The investigation, conducted by Amnesty and Airwars, “gives a brutally vivid account of more than 1,600 civilian lives lost as a direct result of thousands of US, UK and French air strikes and tens of thousands of US artillery strikes in the Coalition’s military campaign in Raqqa from June to October 2017,” the release said.
The two groups said their investigation documented incidents that amount to violations of international humanitarian law. They also called on the coalition to compensate families and fully investigate what went wrong in Raqqa to avoid repeating the same mistakes in any future military operations.

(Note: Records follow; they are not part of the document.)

Lemma ball0_R (d y : R) : ball 0 d y <-> Rabs y < d.
Proof. by rewrite /ball /= /AbsRing_ball /abs /= /minus /plus /opp /= Ropp_0 Rplus_0_r. Qed.

Lemma Clim_is_derive (f : R -> C) (l : C) :
  Clim punctured0 (fun h => ((f h - f 0) / RtoC h)%C) l ->
  @is_derive R_AbsRing C_R_NormedModule f 0 l.
Proof.
move=> Hc; split; first exact: is_linear_scal_l.
move=> x /is_filter_lim_locally_unique <- eps.
have [d [hd Hd]] := Hc eps (cond_pos eps); exists (mkposreal d hd) => y /ball0_R Hy.
rewrite !norm_C; set S := (scal _ _).
have -> : S = (RtoC (y - 0) * l)%C.
  by apply: injective_projections; rewrite /S /= /scal /= /mult /= /minus /plus /opp /=; ring.
change (Cmod (f y - f 0 - RtoC (y - 0) * l) <= eps * Rabs (y - 0)); rewrite Rminus_0_r.
case: (Req_dec y 0) => [->|Hy0].
  by rewrite (_ : (f 0 - f 0 - RtoC 0 * l = 0)%C) ?Cmod_0 ?Rabs_R0; [lra | ring].
have hy : 0 < Rabs y by apply: Rabs_pos_lt.
rewrite (_ : (f y - f 0 - RtoC y * l = RtoC y * ((f y - f 0) / RtoC y - l))%C); last first.
  by field; apply: RtoC_neq0.
rewrite Cmod_mult Cmod_R Rmult_comm; apply: Rmult_le_compat_r; first lra.
by apply: Rlt_le; apply: Hd.
Qed.

Section Shifts.
Variable N : nat.
Implicit Types (z w zc : CN N).

Lemma shift0 z i b : shift z i b 0 = z.
Proof. by apply: functional_extensionality => j; rewrite /shift; case: (j == i) => //; ring. Qed.

Lemma shift_shift z i b h k : shift (shift z i b h) i b k = shift z i b (h + k).
Proof.
apply: functional_extensionality => j; rewrite /shift.
by case: (j == i) => //; rewrite RtoC_plus; ring.
Qed.

Lemma shift_at z i b h : shift z i b h i = (z i + RtoC h * dir b)%C.
Proof. by rewrite /shift eqxx. Qed.

Lemma CN_close_shift z i b h : CN_close (shift z i b h) z (Rabs h).
Proof.
move=> j; rewrite /shift; case: (j == i); last by rewrite Cmod_sub_diag; apply: Rabs_pos.
by rewrite (_ : (z j + RtoC h * _ - z j = RtoC h * dir b)%C) ?Cmod_mult ?Cmod_dir ?Cmod_R;
  [lra | rewrite /dir; ring].
Qed.

Lemma CN_ball_close z w d : CN_ball z d w -> CN_close w z d.
Proof. by move=> H j; apply: Rlt_le; apply: H. Qed.

Lemma CN_ball_shift zc r z i b : CN_ball zc r z ->
  exists d, 0 < d /\ forall h, Rabs h < d -> CN_ball zc r (shift z i b h).
Proof.
move=> Hz; exists (r - Cmod (z i - zc i)); split; first by have := Hz i; lra.
move=> h Hh j; case E: (j == i); last by rewrite /shift E; apply: Hz.
move/eqP: E => ->; apply: Rle_lt_trans (Cmod_sub_triangle _ (z i) _) _.
have := CN_close_shift z i b h i; rewrite shift_at; lra.
Qed.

In turn, Joint Task Force-Operation Inherent Resolve (JTF-OIR) said that US-led forces have killed at least 1,291 civilians while battling the Daesh terrorist group in Syria and Iraq over the last four and a half years.
The United States and its allies have been fighting Daesh* in Syria since 2014 without the approval of the Syrian government or a mandate from the UN Security Council.
The city of Raqqa first fell into the hands of Syrian opposition forces in 2013 and was then captured by the Daesh terrorist group, which declared the city its capital.
The military campaign to recapture Raqqa was launched in June 2016 by the Kurdish-led Syrian Democratic Forces (SDF) backed by the US-led coalition. The operation culminated in the 2017 Battle of Raqqa, which eventually allowed the SDF to gain control over the city.